*** INPUT FOR THIS TASK

Lemma mxtrace_laplacian_sphere_ge :
  (n * n.-1)%:R * f (2 * n%:R / n.-1%:R) <= \tr (laplacian f x).
Proof.
set P := [pred p : 'I_n * 'I_n | p.1 != p.2]; set t := 2 * n%:R / n.-1%:R.
have m_gt0 : 0 < n.-1%:R :> R by rewrite ltr0n -ltnS prednK // ltnW.
have cardP : #|P|%:R = (n * n.-1)%:R :> R.
  transitivity (\sum_(a : 'I_n) \sum_(b | a != b) (1 : R)).
    by rewrite pair_big_dep sumr_const; congr (_ *+ _); apply: eq_card.
  under eq_bigr do rewrite sum_neq_const.
  by rewrite sumr_const card_ord -mulrnA mulnC.
have P_gt0 : (0 < #|P|)%N by rewrite -(ltr0n R) cardP natrM mulr_gt0 // ltr0n ltnW.
have sumP (F : 'I_n -> 'I_n -> R) :
    \sum_(p in P) F p.1 p.2 = \sum_a \sum_(b | a != b) F a b.
  by rewrite pair_big_dep; apply: eq_bigl.
have x_dist p : p \in P -> dist2 (x p.1) (x p.2) \in `]0, 4].
  by move=> p12; rewrite in_itv /= dist2_gt0 ?dist2_sphere_le4 // (inj_eq x_inj).
have [mean_in jen] := jensen (D := [pred s | s \in `]0, 4]]) (@itv_oc_convex _ _ _)
  f_convex P_gt0 x_dist.
have trE : \tr (laplacian f x) = \sum_(p in P) f (dist2 (x p.1) (x p.2)).
  rewrite (sumP (fun a b => f (dist2 (x a) (x b)))).
  by apply: eq_bigr => a _; rewrite laplacianE eqxx.
rewrite trE; apply: le_trans jen; rewrite -cardP ler_wpM2l ?ler0n //.
apply: f_decr => //.
  have m_ge1 : 1 <= n.-1%:R :> R by rewrite ler1n -ltnS prednK // ltnW.
  rewrite in_itv /= /t (natr_pred _ (ltnW n_gt1)).
  by rewrite divr_gt0 ?ler_pdivrMr //=; lra.
rewrite ler_pdivrMr ?ltr0n // cardP (sumP (fun a b => dist2 (x a) (x b))).
have -> : \sum_a \sum_(b | a != b) dist2 (x a) (x b) = \sum_a \sum_b dist2 (x a) (x b).
  apply: eq_bigr => a _; rewrite [RHS](bigD1 a) //= dist2xx add0r.
  by apply: eq_bigl => b; rewrite eq_sym.
apply: le_trans (sum_dist2_sphere_le x_unit) _.
by rewrite /t natrM le_eqVlt; apply/orP; left; apply/eqP; field; rewrite gt_eqF.
Qed.

Lemma lambda_max_laplacian_sphere_ge :
  n%:R * f (2 * n%:R / n.-1%:R) <= lambda_max (laplacian f x).
Proof.
have n_gt0 : (0 < n)%N by apply: ltnW.
have m_gt0 : 0 < n.-1%:R :> R by rewrite ltr0n -ltnS prednK.
have := le_trans mxtrace_laplacian_sphere_ge
  (mxtrace_le_lambda_max n_gt0 (laplacian_tr f x) (laplacian_row0 f x)).
by rewrite natrM mulrAC [n.-1%:R * _]mulrC ler_pM2r.
Qed.

End LaplacianSphere.

Theorem proposition3p3 (R : realType) (n : nat) (f : R -> R) :
  (3 <= n)%N ->
  (* f differentiable on (0,4]: derivable on (0,4), left-differentiable at 4 *)
  {in `]0, 4[, forall t, derivable f t 1} ->
  cvg ((fun h : R => h^-1 * (f (4 + h) - f 4)) @ 0^'-) ->
  (* f decreasing on (0,4] *)
  {in `]0, 4] &, forall s t, s <= t -> f t <= f s} ->
  (* f convex on (0,4] *)
  (forall s t l, s \in `]0, 4] -> t \in `]0, 4] -> 0 <= l <= 1 ->
     f (l * s + (1 - l) * t) <= l * f s + (1 - l) * f t) ->
  forall y : 'I_n -> 'rV[R]_n.-1,
  (* y: vertices of a regular simplex inscribed in S^{n-2} *)
  (forall i, dotv (y i) (y i) = 1) ->
  (forall i j, i != j -> dotv (y i) (y j) = - (n.-1%:R)^-1) ->
  forall x : 'I_n -> 'rV[R]_n.-1,
  (* x: n distinct points on S^{n-2} *)
  (forall i, dotv (x i) (x i) = 1) ->
  injective x ->
  lambda_max (laplacian f y) <= lambda_max (laplacian f x).
Proof.
move=> n_ge3 _ _ f_decr f_convex y y_unit y_simplex x x_unit x_inj.
have n_gt1 : (1 < n)%N by apply: leq_trans n_ge3.
have n_gt0 : (0 < n)%N by apply: ltnW.
have y_dist i j : i != j -> dist2 (y i) (y j) = 2 * n%:R / n.-1%:R.
  move=> ij; rewrite dist2E !y_unit y_simplex // (natr_pred _ n_gt0).
  by field; rewrite pnatr_eq0 -lt0n -ltnS prednK.
apply: le_trans (lambda_max_laplacian_equidistant f n_gt0 y_dist) _.
rewrite ge_max lambda_max_laplacian_sphere_ge //=.
exact: lambda_max_ge0 n_gt0 (laplacian_tr f x) (laplacian_row0 f x).
Qed.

******

(TASK TO CARRY OUT) Type out all of the records again, exactly.

(RESULT)
Lemma mxtrace_laplacian_sphere_ge :
  (n * n.-1)%:R * f (2 * n%:R / n.-1%:R) <= \tr (laplacian f x).
Proof.
set P := [pred p : 'I_n * 'I_n | p.1 != p.2]; set t := 2 * n%:R / n.-1%:R.
have m_gt0 : 0 < n.-1%:R :> R by rewrite ltr0n -ltnS prednK // ltnW.
have cardP : #|P|%:R = (n * n.-1)%:R :> R.
  transitivity (\sum_(a : 'I_n) \sum_(b | a != b) (1 : R)).
    by rewrite pair_big_dep sumr_const; congr (_ *+ _); apply: eq_card.
  under eq_bigr do rewrite sum_neq_const.
  by rewrite sumr_const card_ord -mulrnA mulnC.
have P_gt0 : (0 < #|P|)%N by rewrite -(ltr0n R) cardP natrM mulr_gt0 // ltr0n ltnW.
have sumP (F : 'I_n -> 'I_n -> R) :
    \sum_(p in P) F p.1 p.2 = \sum_a \sum_(b | a != b) F a b.
  by rewrite pair_big_dep; apply: eq_bigl.
have x_dist p : p \in P -> dist2 (x p.1) (x p.2) \in `]0, 4].
  by move=> p12; rewrite in_itv /= dist2_gt0 ?dist2_sphere_le4 // (inj_eq x_inj).
have [mean_in jen] := jensen (D := [pred s | s \in `]0, 4]]) (@itv_oc_convex _ _ _)
  f_convex P_gt0 x_dist.
have trE : \tr (laplacian f x) = \sum_(p in P) f (dist2 (x p.1) (x p.2)).
  rewrite (sumP (fun a b => f (dist2 (x a) (x b)))).
  by apply: eq_bigr => a _; rewrite laplacianE eqxx.
rewrite trE; apply: le_trans jen; rewrite -cardP ler_wpM2l ?ler0n //.
apply: f_decr => //.
  have m_ge1 : 1 <= n.-1%:R :> R by rewrite ler1n -ltnS prednK // ltnW.
  rewrite in_itv /= /t (natr_pred _ (ltnW n_gt1)).
  by rewrite divr_gt0 ?ler_pdivrMr //=; lra.
rewrite ler_pdivrMr ?ltr0n // cardP (sumP (fun a b => dist2 (x a) (x b))).
have -> : \sum_a \sum_(b | a != b) dist2 (x a) (x b) = \sum_a \sum_b dist2 (x a) (x b).
  apply: eq_bigr => a _; rewrite [RHS](bigD1 a) //= dist2xx add0r.
  by apply: eq_bigl => b; rewrite eq_sym.
apply: le_trans (sum_dist2_sphere_le x_unit) _.
by rewrite /t natrM le_eqVlt; apply/orP; left; apply/eqP; field; rewrite gt_eqF.
Qed.

Lemma lambda_max_laplacian_sphere_ge :
  n%:R * f (2 * n%:R / n.-1%:R) <= lambda_max (laplacian f x).
Proof.
have n_gt0 : (0 < n)%N by apply: ltnW.
have m_gt0 : 0 < n.-1%:R :> R by rewrite ltr0n -ltnS prednK.
have := le_trans mxtrace_laplacian_sphere_ge
  (mxtrace_le_lambda_max n_gt0 (laplacian_tr f x) (laplacian_row0 f x)).
by rewrite natrM mulrAC [n.-1%:R * _]mulrC ler_pM2r.
Qed.

End LaplacianSphere.

Theorem proposition3p3 (R : realType) (n : nat) (f : R -> R) :
  (3 <= n)%N ->
  (* f differentiable on (0,4]: derivable on (0,4), left-differentiable at 4 *)
  {in `]0, 4[, forall t, derivable f t 1} ->
  cvg ((fun h : R => h^-1 * (f (4 + h) - f 4)) @ 0^'-) ->
  (* f decreasing on (0,4] *)
  {in `]0, 4] &, forall s t, s <= t -> f t <= f s} ->
  (* f convex on (0,4] *)
  (forall s t l, s \in `]0, 4] -> t \in `]0, 4] -> 0 <= l <= 1 ->
     f (l * s + (1 - l) * t) <= l * f s + (1 - l) * f t) ->
  forall y : 'I_n -> 'rV[R]_n.-1,
  (* y: vertices of a regular simplex inscribed in S^{n-2} *)
  (forall i, dotv (y i) (y i) = 1) ->
  (forall i j, i != j -> dotv (y i) (y j) = - (n.-1%:R)^-1) ->
  forall x : 'I_n -> 'rV[R]_n.-1,
  (* x: n distinct points on S^{n-2} *)
  (forall i, dotv (x i) (x i) = 1) ->
  injective x ->
  lambda_max (laplacian f y) <= lambda_max (laplacian f x).
Proof.
move=> n_ge3 _ _ f_decr f_convex y y_unit y_simplex x x_unit x_inj.
have n_gt1 : (1 < n)%N by apply: leq_trans n_ge3.
have n_gt0 : (0 < n)%N by apply: ltnW.
have y_dist i j : i != j -> dist2 (y i) (y j) = 2 * n%:R / n.-1%:R.
  move=> ij; rewrite dist2E !y_unit y_simplex // (natr_pred _ n_gt0).
  by field; rewrite pnatr_eq0 -lt0n -ltnS prednK.
apply: le_trans (lambda_max_laplacian_equidistant f n_gt0 y_dist) _.
rewrite ge_max lambda_max_laplacian_sphere_ge //=.
exact: lambda_max_ge0 n_gt0 (laplacian_tr f x) (laplacian_row0 f x).
Qed.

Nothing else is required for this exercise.